What is needed: Among the records below, find each line that includes the string "Require" and copy it.
[Given records Boundary: Start]
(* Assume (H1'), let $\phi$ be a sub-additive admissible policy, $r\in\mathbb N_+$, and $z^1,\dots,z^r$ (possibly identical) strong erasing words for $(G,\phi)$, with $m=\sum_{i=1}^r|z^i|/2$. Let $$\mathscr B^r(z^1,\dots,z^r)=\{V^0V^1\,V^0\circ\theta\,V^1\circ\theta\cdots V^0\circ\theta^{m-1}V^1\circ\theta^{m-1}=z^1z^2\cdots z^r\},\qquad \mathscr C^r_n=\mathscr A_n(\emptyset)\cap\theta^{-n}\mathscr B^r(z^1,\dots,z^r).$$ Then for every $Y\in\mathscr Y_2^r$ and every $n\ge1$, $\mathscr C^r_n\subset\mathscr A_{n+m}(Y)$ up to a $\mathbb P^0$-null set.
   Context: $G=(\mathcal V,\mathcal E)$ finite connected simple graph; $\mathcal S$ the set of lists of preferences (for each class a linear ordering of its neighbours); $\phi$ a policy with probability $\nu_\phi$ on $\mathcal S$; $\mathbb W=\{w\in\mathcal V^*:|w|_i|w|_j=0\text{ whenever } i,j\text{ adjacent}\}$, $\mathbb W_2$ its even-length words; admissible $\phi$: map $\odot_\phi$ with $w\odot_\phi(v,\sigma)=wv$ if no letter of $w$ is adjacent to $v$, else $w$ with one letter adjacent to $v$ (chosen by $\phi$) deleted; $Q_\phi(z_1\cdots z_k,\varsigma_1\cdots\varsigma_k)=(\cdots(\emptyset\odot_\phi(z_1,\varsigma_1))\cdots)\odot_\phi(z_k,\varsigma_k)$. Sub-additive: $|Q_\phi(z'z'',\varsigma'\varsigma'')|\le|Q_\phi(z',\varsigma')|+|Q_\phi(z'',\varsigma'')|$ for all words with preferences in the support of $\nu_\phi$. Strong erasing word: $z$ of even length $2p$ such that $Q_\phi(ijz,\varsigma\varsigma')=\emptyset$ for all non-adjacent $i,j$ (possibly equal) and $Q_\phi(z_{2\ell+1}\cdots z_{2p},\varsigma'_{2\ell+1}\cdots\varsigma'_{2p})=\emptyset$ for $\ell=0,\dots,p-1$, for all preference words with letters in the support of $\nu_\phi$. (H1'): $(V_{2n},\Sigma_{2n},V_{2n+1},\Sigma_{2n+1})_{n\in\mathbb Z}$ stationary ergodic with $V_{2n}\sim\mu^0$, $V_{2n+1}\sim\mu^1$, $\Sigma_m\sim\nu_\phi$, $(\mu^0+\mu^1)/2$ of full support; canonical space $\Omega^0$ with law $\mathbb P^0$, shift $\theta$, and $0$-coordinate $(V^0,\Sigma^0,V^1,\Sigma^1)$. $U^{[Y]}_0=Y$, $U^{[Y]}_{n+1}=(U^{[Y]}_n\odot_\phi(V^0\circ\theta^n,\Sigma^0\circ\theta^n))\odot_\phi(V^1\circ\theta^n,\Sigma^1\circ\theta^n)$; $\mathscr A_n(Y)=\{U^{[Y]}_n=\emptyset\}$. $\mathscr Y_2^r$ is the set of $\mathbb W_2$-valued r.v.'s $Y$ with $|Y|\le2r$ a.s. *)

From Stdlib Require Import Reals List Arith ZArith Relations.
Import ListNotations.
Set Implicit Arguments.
[Given records Boundary: End]
[Given records Boundary: Start]
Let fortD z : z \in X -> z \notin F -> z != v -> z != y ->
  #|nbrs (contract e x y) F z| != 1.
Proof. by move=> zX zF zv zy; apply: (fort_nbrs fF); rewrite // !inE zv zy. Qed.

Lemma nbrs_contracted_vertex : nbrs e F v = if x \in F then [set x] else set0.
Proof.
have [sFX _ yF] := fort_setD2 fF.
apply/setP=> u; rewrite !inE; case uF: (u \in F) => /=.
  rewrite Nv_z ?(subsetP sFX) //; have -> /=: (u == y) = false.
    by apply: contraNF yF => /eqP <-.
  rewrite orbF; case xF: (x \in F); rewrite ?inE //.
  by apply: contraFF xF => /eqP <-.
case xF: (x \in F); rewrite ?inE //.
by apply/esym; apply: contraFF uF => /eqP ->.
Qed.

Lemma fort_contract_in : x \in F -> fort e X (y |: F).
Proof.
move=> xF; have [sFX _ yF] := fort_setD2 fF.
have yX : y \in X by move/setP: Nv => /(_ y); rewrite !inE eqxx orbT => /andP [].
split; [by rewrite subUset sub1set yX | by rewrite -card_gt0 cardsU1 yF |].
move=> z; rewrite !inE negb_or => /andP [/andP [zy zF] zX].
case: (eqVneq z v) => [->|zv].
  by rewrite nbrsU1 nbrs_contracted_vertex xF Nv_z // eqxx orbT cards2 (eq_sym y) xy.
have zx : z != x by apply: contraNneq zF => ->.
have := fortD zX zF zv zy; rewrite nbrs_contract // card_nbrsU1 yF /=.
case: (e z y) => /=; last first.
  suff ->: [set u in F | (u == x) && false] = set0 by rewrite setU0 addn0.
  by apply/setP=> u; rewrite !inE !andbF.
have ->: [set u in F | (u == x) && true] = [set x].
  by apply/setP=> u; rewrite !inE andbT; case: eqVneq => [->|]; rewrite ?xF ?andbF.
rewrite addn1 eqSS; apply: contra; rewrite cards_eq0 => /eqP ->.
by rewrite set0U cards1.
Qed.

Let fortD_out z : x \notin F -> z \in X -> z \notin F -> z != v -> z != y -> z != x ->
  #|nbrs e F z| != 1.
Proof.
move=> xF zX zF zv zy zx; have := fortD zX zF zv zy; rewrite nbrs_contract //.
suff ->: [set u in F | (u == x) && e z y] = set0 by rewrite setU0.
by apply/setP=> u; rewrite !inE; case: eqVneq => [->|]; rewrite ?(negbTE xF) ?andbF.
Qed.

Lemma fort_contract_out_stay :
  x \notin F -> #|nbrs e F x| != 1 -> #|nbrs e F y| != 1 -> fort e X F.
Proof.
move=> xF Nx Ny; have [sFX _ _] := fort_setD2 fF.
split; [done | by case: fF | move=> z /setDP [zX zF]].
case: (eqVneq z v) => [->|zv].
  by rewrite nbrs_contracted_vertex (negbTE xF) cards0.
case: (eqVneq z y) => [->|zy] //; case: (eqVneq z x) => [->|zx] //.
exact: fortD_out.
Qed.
[Given records Boundary: End]
[Given records Boundary: Start]
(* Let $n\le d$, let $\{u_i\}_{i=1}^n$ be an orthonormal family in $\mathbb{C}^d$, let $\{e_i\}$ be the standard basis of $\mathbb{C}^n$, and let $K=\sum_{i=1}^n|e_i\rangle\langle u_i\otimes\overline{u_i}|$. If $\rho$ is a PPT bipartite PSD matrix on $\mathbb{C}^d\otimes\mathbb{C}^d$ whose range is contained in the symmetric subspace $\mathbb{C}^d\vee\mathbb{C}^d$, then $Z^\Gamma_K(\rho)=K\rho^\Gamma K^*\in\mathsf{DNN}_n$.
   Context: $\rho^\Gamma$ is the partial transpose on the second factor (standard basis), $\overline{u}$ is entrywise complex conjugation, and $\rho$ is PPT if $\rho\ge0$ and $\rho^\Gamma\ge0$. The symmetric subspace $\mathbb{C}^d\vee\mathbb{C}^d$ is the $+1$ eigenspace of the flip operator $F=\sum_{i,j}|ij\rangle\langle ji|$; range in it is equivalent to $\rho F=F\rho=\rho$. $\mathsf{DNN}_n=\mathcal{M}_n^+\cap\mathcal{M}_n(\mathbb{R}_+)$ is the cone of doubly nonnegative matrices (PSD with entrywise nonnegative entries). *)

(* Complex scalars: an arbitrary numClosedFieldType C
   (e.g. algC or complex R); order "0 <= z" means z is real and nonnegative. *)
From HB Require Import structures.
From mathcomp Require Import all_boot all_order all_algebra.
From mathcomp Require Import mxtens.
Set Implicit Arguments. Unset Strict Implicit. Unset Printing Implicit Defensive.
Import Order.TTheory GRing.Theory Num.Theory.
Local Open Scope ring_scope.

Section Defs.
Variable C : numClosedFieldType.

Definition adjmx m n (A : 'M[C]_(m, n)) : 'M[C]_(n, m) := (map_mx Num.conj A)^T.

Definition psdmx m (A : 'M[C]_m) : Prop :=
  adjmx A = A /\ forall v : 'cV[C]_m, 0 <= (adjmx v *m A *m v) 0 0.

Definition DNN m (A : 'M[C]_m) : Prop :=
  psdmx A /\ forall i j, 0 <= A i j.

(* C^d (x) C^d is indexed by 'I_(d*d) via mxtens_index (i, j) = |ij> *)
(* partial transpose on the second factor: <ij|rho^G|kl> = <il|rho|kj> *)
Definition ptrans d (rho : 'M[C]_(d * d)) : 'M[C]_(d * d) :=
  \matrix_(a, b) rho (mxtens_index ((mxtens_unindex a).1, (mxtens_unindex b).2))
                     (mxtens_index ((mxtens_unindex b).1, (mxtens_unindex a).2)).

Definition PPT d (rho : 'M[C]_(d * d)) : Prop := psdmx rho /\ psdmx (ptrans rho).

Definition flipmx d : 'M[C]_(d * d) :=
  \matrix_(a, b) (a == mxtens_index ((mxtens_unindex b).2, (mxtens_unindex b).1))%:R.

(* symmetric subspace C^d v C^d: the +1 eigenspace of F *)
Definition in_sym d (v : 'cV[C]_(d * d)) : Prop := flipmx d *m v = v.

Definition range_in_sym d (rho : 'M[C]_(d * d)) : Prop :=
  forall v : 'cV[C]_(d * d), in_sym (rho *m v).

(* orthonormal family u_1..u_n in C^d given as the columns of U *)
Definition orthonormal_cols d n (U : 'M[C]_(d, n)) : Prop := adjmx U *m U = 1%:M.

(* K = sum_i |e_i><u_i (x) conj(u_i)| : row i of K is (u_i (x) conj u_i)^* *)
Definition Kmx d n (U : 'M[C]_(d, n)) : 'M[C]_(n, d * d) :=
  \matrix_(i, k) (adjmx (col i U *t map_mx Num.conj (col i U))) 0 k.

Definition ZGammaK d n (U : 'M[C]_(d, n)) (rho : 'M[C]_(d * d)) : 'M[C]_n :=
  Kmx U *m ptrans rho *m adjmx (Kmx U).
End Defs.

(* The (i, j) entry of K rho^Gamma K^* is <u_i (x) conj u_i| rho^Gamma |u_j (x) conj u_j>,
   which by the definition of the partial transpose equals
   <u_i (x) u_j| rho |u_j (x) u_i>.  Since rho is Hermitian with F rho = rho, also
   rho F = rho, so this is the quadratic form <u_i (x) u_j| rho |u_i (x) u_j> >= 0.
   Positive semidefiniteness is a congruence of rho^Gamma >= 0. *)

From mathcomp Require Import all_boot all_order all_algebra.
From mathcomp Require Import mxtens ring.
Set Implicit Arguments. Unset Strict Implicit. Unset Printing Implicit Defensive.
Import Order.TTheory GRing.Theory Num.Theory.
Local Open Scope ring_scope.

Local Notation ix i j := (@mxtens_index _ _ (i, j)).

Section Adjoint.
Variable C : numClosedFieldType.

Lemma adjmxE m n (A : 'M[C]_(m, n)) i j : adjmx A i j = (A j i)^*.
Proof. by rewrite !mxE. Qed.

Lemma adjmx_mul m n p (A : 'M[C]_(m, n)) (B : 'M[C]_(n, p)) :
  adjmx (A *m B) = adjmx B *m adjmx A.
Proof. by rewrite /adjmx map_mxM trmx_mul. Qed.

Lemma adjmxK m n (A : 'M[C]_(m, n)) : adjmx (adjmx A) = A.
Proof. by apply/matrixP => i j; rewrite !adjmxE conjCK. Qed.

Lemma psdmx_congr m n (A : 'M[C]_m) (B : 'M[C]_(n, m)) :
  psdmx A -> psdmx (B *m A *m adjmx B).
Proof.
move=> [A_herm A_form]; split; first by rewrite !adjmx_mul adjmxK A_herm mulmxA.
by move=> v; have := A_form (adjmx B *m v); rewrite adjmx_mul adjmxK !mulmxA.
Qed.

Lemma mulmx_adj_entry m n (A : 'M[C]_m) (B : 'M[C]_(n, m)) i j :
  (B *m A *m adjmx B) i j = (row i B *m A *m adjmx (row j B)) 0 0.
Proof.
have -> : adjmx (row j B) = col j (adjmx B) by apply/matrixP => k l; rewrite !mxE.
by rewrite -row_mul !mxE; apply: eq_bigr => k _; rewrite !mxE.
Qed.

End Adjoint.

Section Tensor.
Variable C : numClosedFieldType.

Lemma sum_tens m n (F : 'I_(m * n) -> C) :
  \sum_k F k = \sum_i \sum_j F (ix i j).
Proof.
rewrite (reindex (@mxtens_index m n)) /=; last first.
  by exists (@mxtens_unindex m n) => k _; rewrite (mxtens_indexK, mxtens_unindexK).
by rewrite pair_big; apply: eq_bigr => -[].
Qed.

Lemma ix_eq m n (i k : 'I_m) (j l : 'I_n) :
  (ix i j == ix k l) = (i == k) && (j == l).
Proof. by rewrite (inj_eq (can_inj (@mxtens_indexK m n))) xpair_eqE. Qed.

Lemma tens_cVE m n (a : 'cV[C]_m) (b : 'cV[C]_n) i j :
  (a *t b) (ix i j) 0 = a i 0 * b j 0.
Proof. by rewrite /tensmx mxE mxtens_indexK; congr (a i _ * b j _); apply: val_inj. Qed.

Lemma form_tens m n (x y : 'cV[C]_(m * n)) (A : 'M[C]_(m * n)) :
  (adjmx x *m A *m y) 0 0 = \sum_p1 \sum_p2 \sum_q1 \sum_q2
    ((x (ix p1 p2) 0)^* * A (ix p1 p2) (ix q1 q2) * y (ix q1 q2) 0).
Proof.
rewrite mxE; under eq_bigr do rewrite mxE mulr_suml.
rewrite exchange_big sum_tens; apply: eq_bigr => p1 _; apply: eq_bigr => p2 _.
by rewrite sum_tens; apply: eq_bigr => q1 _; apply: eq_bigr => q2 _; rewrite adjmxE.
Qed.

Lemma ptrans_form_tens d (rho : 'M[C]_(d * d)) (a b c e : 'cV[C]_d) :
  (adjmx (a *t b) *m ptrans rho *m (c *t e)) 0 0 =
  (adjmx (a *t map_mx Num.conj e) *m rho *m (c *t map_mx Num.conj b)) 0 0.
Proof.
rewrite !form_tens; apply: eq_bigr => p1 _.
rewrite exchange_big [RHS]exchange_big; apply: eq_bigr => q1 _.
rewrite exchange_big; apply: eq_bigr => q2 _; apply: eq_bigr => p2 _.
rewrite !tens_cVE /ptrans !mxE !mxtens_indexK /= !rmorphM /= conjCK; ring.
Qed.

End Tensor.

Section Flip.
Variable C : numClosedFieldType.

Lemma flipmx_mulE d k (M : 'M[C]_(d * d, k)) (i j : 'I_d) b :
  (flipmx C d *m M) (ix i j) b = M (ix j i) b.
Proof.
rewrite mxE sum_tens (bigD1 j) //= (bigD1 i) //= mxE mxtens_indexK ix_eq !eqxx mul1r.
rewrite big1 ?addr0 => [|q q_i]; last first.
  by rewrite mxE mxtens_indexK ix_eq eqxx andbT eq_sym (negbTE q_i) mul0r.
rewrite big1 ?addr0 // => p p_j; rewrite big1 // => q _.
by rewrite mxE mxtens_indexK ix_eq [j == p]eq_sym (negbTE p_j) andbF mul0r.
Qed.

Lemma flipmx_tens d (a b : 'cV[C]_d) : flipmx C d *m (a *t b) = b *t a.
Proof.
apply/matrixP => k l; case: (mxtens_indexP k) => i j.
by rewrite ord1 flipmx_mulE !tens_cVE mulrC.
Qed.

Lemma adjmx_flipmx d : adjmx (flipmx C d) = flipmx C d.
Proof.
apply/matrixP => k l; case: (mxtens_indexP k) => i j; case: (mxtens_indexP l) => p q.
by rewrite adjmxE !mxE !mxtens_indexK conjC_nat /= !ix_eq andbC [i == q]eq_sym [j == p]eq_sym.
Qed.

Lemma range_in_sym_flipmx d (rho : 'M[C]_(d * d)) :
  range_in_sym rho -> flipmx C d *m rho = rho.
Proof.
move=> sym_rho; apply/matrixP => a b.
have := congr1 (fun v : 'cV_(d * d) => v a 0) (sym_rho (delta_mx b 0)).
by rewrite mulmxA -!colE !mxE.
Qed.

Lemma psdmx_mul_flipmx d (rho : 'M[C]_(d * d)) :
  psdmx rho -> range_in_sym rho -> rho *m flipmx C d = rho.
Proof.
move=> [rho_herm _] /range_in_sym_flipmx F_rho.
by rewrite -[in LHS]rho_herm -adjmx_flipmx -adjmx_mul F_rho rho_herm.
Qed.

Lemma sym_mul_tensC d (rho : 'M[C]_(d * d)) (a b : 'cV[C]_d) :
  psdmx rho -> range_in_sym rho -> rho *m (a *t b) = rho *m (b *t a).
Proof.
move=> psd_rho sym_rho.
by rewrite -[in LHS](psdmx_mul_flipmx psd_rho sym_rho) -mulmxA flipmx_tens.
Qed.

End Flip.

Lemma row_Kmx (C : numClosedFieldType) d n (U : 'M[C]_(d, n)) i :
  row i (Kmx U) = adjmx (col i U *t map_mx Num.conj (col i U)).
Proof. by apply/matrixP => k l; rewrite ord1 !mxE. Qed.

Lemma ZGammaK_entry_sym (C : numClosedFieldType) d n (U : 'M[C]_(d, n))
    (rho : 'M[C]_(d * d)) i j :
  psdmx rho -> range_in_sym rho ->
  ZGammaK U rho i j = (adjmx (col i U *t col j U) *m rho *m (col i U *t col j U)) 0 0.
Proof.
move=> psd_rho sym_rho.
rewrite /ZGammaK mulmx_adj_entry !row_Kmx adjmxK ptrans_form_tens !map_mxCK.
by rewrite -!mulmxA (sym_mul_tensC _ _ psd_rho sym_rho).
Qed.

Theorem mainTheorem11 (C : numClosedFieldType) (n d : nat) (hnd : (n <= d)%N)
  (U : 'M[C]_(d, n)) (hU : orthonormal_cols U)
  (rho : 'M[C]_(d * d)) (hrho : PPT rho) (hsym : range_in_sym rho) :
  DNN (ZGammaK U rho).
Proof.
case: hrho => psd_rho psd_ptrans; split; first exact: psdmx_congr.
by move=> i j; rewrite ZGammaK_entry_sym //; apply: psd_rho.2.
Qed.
[Given records Boundary: End]
Exercise output:
From Stdlib Require Import Reals List Arith ZArith Relations.
From HB Require Import structures.
From mathcomp Require Import all_boot all_order all_algebra.
From mathcomp Require Import mxtens.
From mathcomp Require Import all_boot all_order all_algebra.
From mathcomp Require Import mxtens ring.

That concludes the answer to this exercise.